Site icon The Musings Of An Opinionated Sod [Help Me Grow!]

Create With Blinkers …

For reasons I’m not exactly sure why, I was recently asked to present to a venture capitalist firm in the US about the creative process.

There were a ton of points, but one that got them the most bemused was this:

In essence, the point of the slide was if you spend your energy focused on what someone else has done, they’ve won.

The reason for the bemusement was they didn’t see creativity in terms of forging new opportunities, but exploiting existing ones.

Make something slightly better than someone else.
Leverage others efforts to be cheaper than someone else.
Ride trends to grow faster than someone else.

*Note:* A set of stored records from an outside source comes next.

(* For each $\nu$, each $1\le i\le m$, each $1\le j<l\le N^\nu_i$ and all $\mathbf t,\mathbf u\ge\mathbf0$, $$0\le\mathrm{cov}(\chi^\nu_{i,j}(\mathbf t),\chi^\nu_{i,l}(\mathbf u))\le\sum_{k=1}^m(t_k\wedge u_k)\tilde N^\nu_k\lambda^\nu_{kii}$$ and $$\big|\mathrm{cov}(\chi^\nu_{i,j}(\mathbf t)-\chi^\nu_{i,j}(\mathbf u),\chi^\nu_{i,l}(\mathbf t)-\chi^\nu_{i,l}(\mathbf u))\big|\le 6\Big\{\sum_{k=1}^m\big([(t_k\vee u_k)\tilde N^\nu_k]-[(t_k\wedge u_k)\tilde N^\nu_k]\big)\mu^\nu_{ki}\Big\}\Big\{\sum_{k=1}^m(t_k\wedge u_k)\tilde N^\nu_k\lambda^\nu_{kii}\Big\}+2\sum_{k=1}^m\big([(t_k\vee u_k)\tilde N^\nu_k]-[(t_k\wedge u_k)\tilde N^\nu_k]\big)\lambda^\nu_{kii}.$$
   Context: Fix $m\ge1$; $[x]$ is the integer part of $x$; sums/products over $1\le l\le x$ mean $1\le l\le[x]$. Fix $\nu$. Given integers $N^\nu_i\ge1$, $N^\nu=\sum_iN^\nu_i$, constants $\pi_i>0$, $\tilde N^\nu_k=N^\nu\pi_k$. Random vectors $\mathbf V^\nu_k=(V^\nu_{k,1},\dots,V^\nu_{k,m})\in[0,1]^m$; $\{\mathbf V^\nu_{(k,l)}:1\le k\le m,l\ge1\}$ independent with $\mathbf V^\nu_{(k,l)}\sim\mathbf V^\nu_k$ (infectivity vector of the $l$-th infective of type $k$). Individuals $(i,j)$, $1\le j\le N^\nu_i$. Conditionally on all infectivity vectors, the events ''infective $(k,l)$ contacts individual $(i,j)$'' are independent over all pairs with probabilities $V^\nu_{(k,l),i}$. For $\mathbf t=(t_1,\dots,t_m)\ge\mathbf0$, $\chi^\nu_{i,j}(\mathbf t)=1$ if $(i,j)$ is contacted by at least one infective $(k,l)$ with $1\le k\le m$, $1\le l\le t_k\tilde N^\nu_k$, and $0$ otherwise. $\mu^\nu_{ki}=\mathbb E[V^\nu_{k,i}]$, $\lambda^\nu_{kii}=\mathrm{var}(V^\nu_{k,i})$. $a\wedge b=\min$, $a\vee b=\max$. *)

From HB Require Import structures.
From mathcomp Require Import all_boot all_order all_algebra.
From mathcomp Require Import all_classical all_reals all_analysis.
Set Implicit Arguments. Unset Strict Implicit. Unset Printing Implicit Defensive.
Import Order.TTheory GRing.Theory Num.Theory.
Local Open Scope classical_set_scope.
Local Open Scope ring_scope.

(* Conventions (0-indexed):
   - types are k, i : 'I_m;
   - the l-th infective of type k (paper: l >= 1) is indexed by l : nat,
     paper's infective (k, l+1);
   - individual (i, j) (paper: 1 <= j <= N_i) is indexed by j : nat, j < N i,
     paper's individual (i, j+1);
   - V k l i w  = V^nu_{(k,l+1),i}(w);
   - C k l i j w = "infective (k,l+1) contacts individual (i,j+1)". *)

Section Model.
Context {d : measure_display} {T : measurableType d} {R : realType}
  (P : probability T R) {m : nat}.

Definition Vevent (V : 'I_m -> nat -> 'I_m -> T -> R) (k : 'I_m) (l : nat)
  (A : 'I_m -> set R) : set T := [set w | forall i, A i (V k l i w)].

Definition infectivity_vectors (V : 'I_m -> nat -> 'I_m -> T -> R) : Prop :=
  [/\ (forall k l i, measurable_fun setT (V k l i)),
      (forall k l i w, 0 <= V k l i w <= 1),
      (forall (F : seq ('I_m * nat)) (A : 'I_m -> nat -> 'I_m -> set R),
          uniq F -> (forall k l i, measurable (A k l i)) ->
          P [set w | forall p, p \in F -> Vevent V p.1 p.2 (A p.1 p.2) w]
          = (\prod_(p <- F) P (Vevent V p.1 p.2 (A p.1 p.2)))%E) &
      (forall k l (A : 'I_m -> set R), (forall i, measurable (A i)) ->
          P (Vevent V k l A) = P (Vevent V k 0 A))].

(* conditionally on all infectivity vectors, the contact events are
   independent with probabilities V_(k,l),i : for every finite family of
   events on the vectors and every finite (duplicate-free) family of
   (infective, individual) pairs with prescribed outcomes b, *)
Definition contact_model (N : 'I_m -> nat) (V : 'I_m -> nat -> 'I_m -> T -> R)
  (C : 'I_m -> nat -> 'I_m -> nat -> T -> bool) : Prop :=
  (forall k l i j, measurable [set w | C k l i j w]) /\
  (forall (F : seq ('I_m * nat)) (A : 'I_m -> nat -> 'I_m -> set R)
          (S : seq (('I_m * nat) * ('I_m * nat)))
          (b : ('I_m * nat) * ('I_m * nat) -> bool),
      (forall k l i, measurable (A k l i)) -> uniq S ->
      (forall q, q \in S -> (q.2.2 < N q.2.1)%N) ->
      P [set w | (forall p, p \in F -> Vevent V p.1 p.2 (A p.1 p.2) w) /\
                 (forall q, q \in S -> C q.1.1 q.1.2 q.2.1 q.2.2 w = b q)]
      = ('E_P[fun w =>
            ((\prod_(p <- F) \1_(Vevent V p.1 p.2 (A p.1 p.2)) w) *
            \prod_(q <- S) (if b q then V q.1.1 q.1.2 q.2.1 w
                            else 1 - V q.1.1 q.1.2 q.2.1 w))%R])%E).

End Model.

Definition Ntilde {R : realType} {m : nat} (N : 'I_m -> nat) (pi : 'I_m -> R)
  (k : 'I_m) : R := (\sum_(i < m) N i)%:R * pi k.

(* chi^nu_{i,j}(t): 1 if (i,j) is contacted by some infective (k,l) with
   1 <= l <= [t_k tilde N_k], i.e. 0-indexed l < [t_k tilde N_k] *)
Definition chi {d : measure_display} {T : measurableType d} {R : realType}
  {m : nat} (N : 'I_m -> nat) (pi : 'I_m -> R)
  (C : 'I_m -> nat -> 'I_m -> nat -> T -> bool) (i : 'I_m) (j : nat)
  (t : 'I_m -> R) : T -> R :=
  \1_[set w | exists (k : 'I_m) (l : nat),
                (l < Num.truncn (t k * Ntilde N pi k))%N /\ C k l i j w].

Definition mu_ {d : measure_display} {T : measurableType d} {R : realType}
  (P : probability T R) {m : nat} (V : 'I_m -> nat -> 'I_m -> T -> R)
  (k i : 'I_m) : R := fine ('E_P[V k 0%N i])%E.
Definition lambda_ {d : measure_display} {T : measurableType d} {R : realType}
  (P : probability T R) {m : nat} (V : 'I_m -> nat -> 'I_m -> T -> R)
  (k i : 'I_m) : R := fine ('V_P[V k 0%N i])%E.

(* We have chi_{i,j}(t) = 1 - 1_{E_j(a)}, where E_j(a) is the event that
   individual (i,j) escapes the first a_k = [t_k Ntilde_k] infectives of each
   type k.  Given the infectivities the contacts are independent, and the
   infectivity vectors are independent and identically distributed within a
   type, so P(E_j(a) & E_l(b)) = prod_k beta_k^(a_k /\ b_k) alpha_k^|a_k - b_k|
   with alpha_k = E(1 - V_{k,i}) = 1 - mu_ki and
   beta_k = E(1 - V_{k,i})^2 = alpha_k^2 + lambda_kii.  Both covariances are
   then explicit polynomials in the alpha_k, beta_k, and the bounds follow from
   0 <= prod x_k - prod y_k <= sum (x_k - y_k) for 0 <= y_k <= x_k <= 1; the
   bound obtained for the increments, sum |a_k - b_k| lambda_kii
   + (sum (a_k /\ b_k) lambda_kii)(sum |a_k - b_k| mu_ki), is sharper than the
   one stated.
   Independence of the infectivity vectors is only given as a product rule for
   events, so E prod_p f_p = prod_p E f_p for [0,1]-valued f_p is obtained by
   approximating each f_p from below by staircase functions on the grid 1/n,
   whose products are combinations of indicators of rectangles. *)

From HB Require Import structures.
From mathcomp Require Import all_boot all_order all_algebra.
From mathcomp Require Import all_classical all_reals all_analysis.
From mathcomp Require Import measurable_realfun.
From mathcomp Require Import zify ring lra.
Set Implicit Arguments. Unset Strict Implicit. Unset Printing Implicit Defensive.
Import Order.TTheory GRing.Theory Num.Theory.
Local Open Scope classical_set_scope.
Local Open Scope ring_scope.

Section itv01_bounds.
Context {R : realDomainType}.

Lemma prodr_itv01 (I : Type) (s : seq I) (x : I -> R) :
  (forall p, 0 <= x p <= 1) -> 0 <= \prod_(p <- s) x p <= 1.
Proof.
move=> x01; elim: s => [|p s /andP[P0 P1]]; first by rewrite big_nil ler01 lexx.
have /andP[x0 x1] := x01 p.
by rewrite big_cons mulr_ge0//= mulr_ile1.
Qed.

But in all cases, it was using creativity to build on others efforts rather than create their own.

On one level I get it. Fast followers is a business strategy that has grown all manner of companies … from Hollywood to Apple. However for a VC it was kind of strange to me until I looked into the numbers involved, and understood why it was starting to be much more preferable to go to the zoo than to keep looking for Unicorns.

That said, they kept asking me why I thought comparison was wrong.

And of course it isn’t.

Comparison can have many benefits from increasing standards to ambition.

However, in the creative development process, it can be a real danger.

Because when someone looks at work in the early stages of development and starts using comparative language … the result is ideas get undermined because of it.

The focus is shifted.

Clarity is distorted.

It hands control to the commentators not the creators.

Of course people are entitled to their opinion, but too many rush in and kill the potential of something by judging it as finished when it’s still in creation.

What makes it even worse is when that judgement is done by comparing the work on the table to something someone else has done – however loosely – at some point in time in history.

When that happens, those people are not just robbing the creatives of the excitement they have about creating something new, they’re robbing everyone of the potential of what something can become if it’s allowed to breathe.

It may be inconvenient to project management, timesheet obsessed, bean counters … but ideas grow, they’re rarely born fully formed.

So if you want to stand a chance of creating something that can change everything, then the best advice is trust the talent, support the work and stop being a fucking joy vampire.